Journal of Bronchology: July 1999
Original Article: PDF Only

There is general consensus that the optimal definitive treatment for severe essential hyperhidrosis (EH) in adults consists of (video-assisted) thoracoscopic ablation of the upper thoracic sympathetic ganglia T2 (and T3). Little is known about the definitive treatment of severe EH in children. The objective of this study is to compare a simplified minimally invasive thoracoscopic T2-T3 sympathicolysis technique (TS), performed by a pneumologist, in children and adults suffering from severe EH. Two hundred consecutive patients with severe EH. treated from August 1993 to August 1997, including 18 children (13.2 ± 2 years, range 7 to 15 years) and 182 adults (30.4 ± 10.8 years, range 16 to 67 years), were included in the study.

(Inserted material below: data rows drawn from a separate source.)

Lemma swapc_id s r l : r l = s l -> swapc n a s r l = s.
Proof. by move=> rsl; apply/ffunP => j; rewrite swapcE; case: eqP => // ->. Qed.

Lemma eq_swapc s r r' l : r l = r' l -> swapc n a s r l = swapc n a s r' l.
Proof. by move=> rr'l; apply/ffunP => j; rewrite !swapcE; case: eqP => // ->. Qed.

Lemma supp_swapc s r l : l \in supp n a s -> l \in supp n a r ->
  supp n a (swapc n a s r l) = supp n a s.
Proof.
move=> ls lr; apply/setP => j; rewrite !suppE swapcE.
by case: (eqVneq j l) => [->|]; rewrite -?suppE ?ls ?lr.
Qed.

Lemma matchesP s c : reflect (forall j i, s j = Some i -> c j = i) (matches n a s c).
Proof.
apply: (iffP forallP) => [Hs j i sj|Hs j]; first by have := Hs j; rewrite sj => /eqP.
by case sj: (s j) => [i|] //; rewrite (Hs j i sj).
Qed.

Definition refines t r : bool := [forall (j | j \in supp n a r), t j == r j].

Lemma refinesP t r : reflect (forall j, j \in supp n a r -> t j = r j) (refines t r).
Proof. by apply: (iffP forall_inP) => H j /H /eqP. Qed.

Lemma refines_swapc t r p l : t l = r l ->
  refines (swapc n a t p l) (swapc n a r p l) = refines t r.
Proof.
move=> trl; apply: eq_forallb => j; rewrite !suppE !swapcE.
by case: (eqVneq j l) => [->|_]; rewrite ?trl ?eqxx ?implybT.
Qed.

Definition restrict J c : tup n a := [ffun j => if j \in J then Some (c j) else None].

Lemma supp_restrict J c : supp n a (restrict J c) = J.
Proof. by apply/setP => j; rewrite suppE ffunE; case: ifP. Qed.

Lemma matches_restrict J t c : supp n a t = J -> (restrict J c == t) = matches n a t c.
Proof.
move=> tJ; apply/eqP/matchesP => [<- j i|Hc].
  by rewrite ffunE; case: ifP => // _ [].
apply/ffunP => j; rewrite ffunE -tJ suppE.
by case tj: (t j) => [i|] //=; rewrite (Hc j i tj).
Qed.

Lemma refines_restrict J r c : supp n a r \subset J -> matches n a r c ->
  refines (restrict J c) r.
Proof.
move=> rJ /matchesP Hc; apply/refinesP => j jr.
rewrite ffunE (subsetP rJ j jr); move: jr; rewrite suppE.
by case rj: (r j) => [i|] //; rewrite (Hc j i rj).
Qed.

Lemma matches_refines t r c : refines t r -> matches n a t c -> matches n a r c.
Proof.
move=> /refinesP tr /matchesP Hc; apply/matchesP => j i rj.
by apply: Hc; rewrite tr // suppE rj.
Qed.

Definition coord_swap p q g d : Prop :=
  forall j, (g j = p j /\ d j = q j) \/ (g j = q j /\ d j = p j).

Lemma coord_swap_eq p q g d : coord_swap p q g d -> g = p -> d = q.
Proof.
move=> pq gp; apply/ffunP => j.
by case: (pq j) => [[]|[gq ->]] //; rewrite -gq gp.
Qed.

Lemma coord_swap_swapc p q g d l : coord_swap p q g d ->
  coord_swap (swapc n a p q l) (swapc n a q p l) g d.
Proof.
move=> pq j; case: (eqVneq j l) => [->|jl]; last by rewrite !swapcE (negbTE jl).
by rewrite !swapc_at; case: (pq l) => -[-> ->]; [right|left].
Qed.

End Tuples.

Section Margins.

Variables (K : fieldType) (n : nat) (a : 'I_n -> nat) (D : {set {set 'I_n}}).
Implicit Types (s p q r t g d : tup n a) (J : {set 'I_n}).
Local Notation x := (xm K n a).

Lemma xm_refine r J : supp n a r \subset J ->
  x r = \sum_(t | (supp n a t == J) && refines t r) x t.
Proof.
move=> rJ; rewrite /xm (partition_big (restrict J)
  (fun t => (supp n a t == J) && refines t r)); last first.
  by move=> c rc; rewrite supp_restrict eqxx refines_restrict.
apply: eq_bigr => t /andP[/eqP tJ tr]; apply: eq_bigl => c.
rewrite matches_restrict //; apply/andP/idP => [[]|tc] //.
by split=> //; apply: matches_refines tc.
Qed.

Lemma xm_refine_swapc p r J l : supp n a p = J -> supp n a r \subset J ->
  l \in supp n a r ->
  \sum_(t | (supp n a t == J) && refines t r) x (swapc n a t p l) = x (swapc n a r p l).
Proof.
move=> pJ rJ lr; have lp : l \in supp n a p by rewrite pJ (subsetP rJ).
rewrite (@xm_refine _ J); last by rewrite supp_swapc.
(* [t |-> t[l <- p]] maps the refinements of [r] onto those of [r[l <- p]],
   with inverse [u |-> u[l <- r]] *)
symmetry; rewrite (reindex_onto (fun t => swapc n a t p l) (fun u => swapc n a u r l)).
  2: by move=> u /andP[_ /refinesP ur]; rewrite swapc_swapc swapc_id // ur
       ?swapc_at // suppE swapc_at -suppE.
apply: eq_bigl => t; rewrite swapc_swapc.
have [trl|ntrl] := eqVneq (t l) (r l).
  have lt : l \in supp n a t by rewrite suppE trl -suppE.
  by rewrite supp_swapc // refines_swapc // swapc_id // eqxx andbT.
have -> : (swapc n a t r l == t) = false.
  by apply/negbTE/eqP => trt; move: ntrl; rewrite -{1}trt swapc_at eqxx.
by rewrite andbF; apply/esym/negbTE/andP => -[_ /refinesP tr]; rewrite tr ?eqxx in ntrl.
Qed.

Lemma minor2_IDelta J s r l : J \in D -> supp n a s = J -> supp n a r = J -> l \in J ->
  IDelta K n a D (minor2 K n a s r l).
Proof.
move=> JD sJ rJ lJ; apply: genI_gen; exists J; split => //.
by apply: genI_gen; exists s, r, l; split.
Qed.

Lemma exchange_IDelta J p r l : J \in D -> supp n a p = J -> supp n a r \subset J ->
  l \in supp n a r ->
  IDelta K n a D (x r * x p - x (swapc n a r p l) * x (swapc n a p r l)).
Proof.
move=> JD pJ rJ lr; have lJ := subsetP rJ l lr.
rewrite {1}(xm_refine rJ) -(xm_refine_swapc pJ rJ lr) !mulr_suml -sumrB.
apply: genI_sum => t /andP[/eqP tJ /refinesP tr].
rewrite (@eq_swapc _ _ p r t l) ?tr // [_ * x (swapc n a p t l)]mulrC.
exact: (minor2_IDelta JD tJ pJ lJ).
Qed.

(* Modulo I_Delta: x_s x_p ~ x_{s[l <- p]} x_{p[l <- s]}, then
   x_{s[l <- p]} x_q ~ x_{s[l <- q]} x_{q[l <- p]}, and finally
   x_{s[l <- q]} x_{p[l <- s]} ~ x_s x_{p[l <- q]}. *)
Lemma exchange_mul_IDelta J J' s p q l : J \in D -> J' \in D ->
  supp n a s = J :&: J' -> supp n a p = J -> supp n a q = J' -> l \in J :&: J' ->
  IDelta K n a D
    (x s * (x p * x q - x (swapc n a p q l) * x (swapc n a q p l))).
Proof.
move=> JD J'D sJJ' pJ qJ' lJJ'.
have ls : l \in supp n a s by rewrite sJJ'.
have lp : l \in supp n a p by rewrite pJ; case/setIP: lJJ'.
have lq : l \in supp n a q by rewrite qJ'; case/setIP: lJJ'.
set s1 := swapc n a s p l; set p1 := swapc n a p s l; set s2 := swapc n a s q l.
have sJ : supp n a s \subset J by rewrite sJJ' subsetIl.
have s1J' : supp n a s1 \subset J' by rewrite supp_swapc // sJJ' subsetIr.
have s2J : supp n a s2 \subset J by rewrite supp_swapc // sJJ' subsetIl.
have p1J : supp n a p1 = J by rewrite supp_swapc.
have ls1 : l \in supp n a s1 by rewrite suppE swapc_at -suppE.
have ls2 : l \in supp n a s2 by rewrite suppE swapc_at -suppE.
have E1 := exchange_IDelta JD pJ sJ ls.
have E2 := exchange_IDelta J'D qJ' s1J' ls1.
have E3 := exchange_IDelta JD p1J s2J ls2.
rewrite swapc_swapc (@eq_swapc _ _ q s1 p) ?swapc_at // in E2.
rewrite swapc_swapc swapc_id ?swapc_at // swapc_swapc in E3.
rewrite (@eq_swapc _ _ p s2 q) ?swapc_at // in E3.
have -> : x s * (x p * x q - x (swapc n a p q l) * x (swapc n a q p l)) =
  (x s * x p - x s1 * x p1) * x q + (x s1 * x q - x s2 * x (swapc n a q p l)) * x p1
  + (x s2 * x p1 - x s * x (swapc n a p q l)) * x (swapc n a q p l) by ring.
by apply: genID; [apply: genID|]; apply: genIMr.
Qed.

Lemma exchange_chain_IDelta J J' s g d p q : J \in D -> J' \in D ->
  supp n a s = J :&: J' -> supp n a g = J -> supp n a p = J -> supp n a q = J' ->
  coord_swap p q g d -> IDelta K n a D (x s * (x p * x q - x g * x d)).
Proof.
move=> JD J'D sJJ' gJ; have [k] := ubnP #|[set j | g j != p j]|.
elim: k p q => // k IH p q ltk pJ qJ' pq.
have [/setP g_p|[l]] := set_0Vmem [set j | g j != p j].
  have gp : g = p by apply/ffunP => j; have := g_p j; rewrite !inE => /negbFE/eqP.
  by rewrite gp (coord_swap_eq pq gp) subrr mulr0; apply: genI0.
rewrite inE => gpl.
have [gql dpl] : g l = q l /\ d l = p l.
  by case: (pq l) => -[gl dl] //; rewrite gl eqxx in gpl.
have lp : l \in supp n a p.
  apply: contraTT gpl => lnp; move: lnp (lnp); rewrite {1}pJ -gJ !suppE !negbK.
  by move=> /eqP -> /eqP ->.
have lq : l \in supp n a q by rewrite suppE -gql -suppE gJ -pJ.
have lJJ' : l \in J :&: J' by rewrite inE -pJ -qJ' lp lq.
rewrite -[x p * x q](subrK (x (swapc n a p q l) * x (swapc n a q p l))) -addrA mulrDr.
apply: genID; first exact: exchange_mul_IDelta JD J'D sJJ' pJ qJ' lJJ'.
apply: IH; rewrite ?supp_swapc //; last exact: coord_swap_swapc.
have -> : [set j | g j != swapc n a p q l j] = [set j | g j != p j] :\ l.
  apply/setP => j; rewrite !inE swapcE.
  by case: (eqVneq j l) => [->|]; rewrite ?gql ?eqxx.
by rewrite (cardsD1 l) inE gpl in ltk.
Qed.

Clinical efficacy, side effects, complications, and patient satisfaction were assessed in the group of children and adults, respectively. TS was proven equally effective in children as in adults (100% vs. 98% relief of palmar hyperhidrosis, respectively; 0% vs. 2% recurrence during a follow-up of 19 ± 12 vs. 18 ± 13 months), with a comparable incidence of side effects, a total absence of major complications, and 100% patient satisfaction. These results are better than historical data obtained after open surgical approaches and equal to those obtained by a (slightly more complicated) video-assisted thoracic surgery method using lasers. We conclude that TS is as safe and efficient in children with severe EH as in adults.

© 1999 Lippincott Williams & Wilkins, Inc.